Oracle Releases Upgrade of Report-Writing Tool

Oracle Corp. wants more people to think Oracle when they think enterprise reporting.

Vince Casarez, Oracle’s vice president of tools marketing, says Oracle has been fighting several factors in trying to get customers to think of Oracle for enterprise reporting the way they think of Seagate Software, Actuate Software Corp. or Sqribe Technologies, which is being acquired by Brio Technology Inc.

"I think a lot of times what ends up happening is people look at Oracle tools in general and say, ‘They’re really more for the Oracle server.’ We’ve spent a large part of our time focusing on making sure it works with other databases as well," Casarez says.
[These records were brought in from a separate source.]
Lemma Qpi_le1 s a : Qpi M mu s a <= 1.
Proof.
rewrite Qpi_disc; apply: lime_le; last by apply: nearW => n; exact: Vn_le1.
by apply: is_cvg_nneseries => t _ _; exact: disc_cost_ge0.
Qed.

Lemma Qpi_bellman s a : Qpi M mu s a =
  (cost M s a)%:E + (gamma M)%:E * Ew (pairK M mu s a) (fun q => Qpi M mu q.1 q.2).
Proof.
have dc0 t s' a' : 0 <= disc_cost M mu s' a' t by exact: disc_cost_ge0.
have Kdc0 t q : 0 <= (pairK M mu s a q)%:E * disc_cost M mu q.1 q.2 t.
  by rewrite mule_ge0 ?lee_fin ?pairK_ge0.
rewrite Qpi_disc nneseries_recl// {1}/disc_cost expr0 mul1e exp_cost0; congr (_ + _).
rewrite -nneseries_addn//; under eq_eseriesr do rewrite addn1 disc_cost_succ//.
rewrite nneseriesZl; last by move=> t _; apply: esum_ge0 => q _.
congr (_ * _); rewrite nneseries_esumT; last by move=> t; apply: esum_ge0 => q _.
rewrite esum_swap//; apply: eq_esum => q _.
by rewrite -nneseries_esumT// nneseriesZl// => t _.
Qed.

Lemma Qpi_circ a : Qpi M mu (s_circ M) a = 0.
Proof.
by rewrite Qpi_disc eseries0// => t _ _; rewrite /disc_cost exp_cost_circ// mule0.
Qed.

Lemma Qpi_tri a : Qpi M mu (s_tri M) a = 1.
Proof.
rewrite Qpi_bellman cost_tri pairK_unsafe ?mule0 ?adde0//; first by left.
by move=> a'; exact: Qpi_circ.
Qed.

Lemma ext_Qpi : ext M (Qpi M mu) = Qpi M mu.
Proof.
apply/funext => s; apply/funext => a; rewrite /ext.
by case: eqP => [->|_]; [rewrite Qpi_tri|case: eqP => [->|_]; rewrite ?Qpi_circ].
Qed.

Lemma Qpi_bounded : Qbounded M (Qpi M mu).
Proof.
move=> s a /safe_ntri ns; rewrite Qpi_ge0 Qpi_bellman cost_ntri// add0e /=.
have /andP[_ EQ1] := pairK_Ew_01 s a (fun q => Qpi M mu q.1 q.2)
  (fun q => introT andP (conj (Qpi_ge0 q.1 q.2) (Qpi_le1 q.1 q.2))).
by rewrite -[X in _ <= X]mule1 lee_wpmul2l ?lee_fin ?gamma_ge0.
Qed.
To that end, the database and applications vendor released an upgrade last month for its enterprise reporting tool, Oracle Reports 6.0.

Despite the high version number, it’s only the second release of Oracle Reports as a standalone product. The versioning matches the Oracle Developer suite.

"The product itself has been around for seven or eight years at least, primarily as part of our Developer product line," Casarez says. The tool came out about a year ago as a discrete product called Oracle Reports 3.0.

Major enhancements in the upgrade address bringing functionality to the Web. Version 6.0 allows users to generate reports in HTML, HTMLCSS or PDF, to select the output format at runtime and to build the documents through wizards. The new version also supports HTML/HTMLCSS page streaming and report bursting. Oracle has included support for bookmarks, hyperlinks, images as URLs and Web previews. "This release is really targeted at adding all those features to the Web," Casarez says.

Server-side improvements include new features in the multitier architecture, load management and clustering for large numbers of users.

Teresa Wingfield, an analyst at Giga Information Group (www.gigaweb.com), finds Oracle Reports to be competitive with other enterprise reporting tools. "Oracle Reports [fares] well as a report-writing product competing against products from Actuate Software, Brio Technology and Seagate Software," Wingfield wrote in a recent report.

Increasingly important to customers is how well a report-writing tools integrates with a business intelligence suite that also provides OLAP and ad hoc querying and reporting.

"Oracle also rates highly as a provider of integrated business intelligence tools that include report-writing, ad-hoc query and OLAP technologies," Wingfield explained. But that said, Wingfield’s report notes that this first integration of Oracle Reports with Oracle Discoverer and with Oracle Express is modest, allowing only the sharing of result sets.

Some other shortcomings of Oracle Reports that Wingfield identified include lack of a search facility for report retrieval, lack of application-level security and reliance on ODBC drivers for accessing non-Oracle data sources.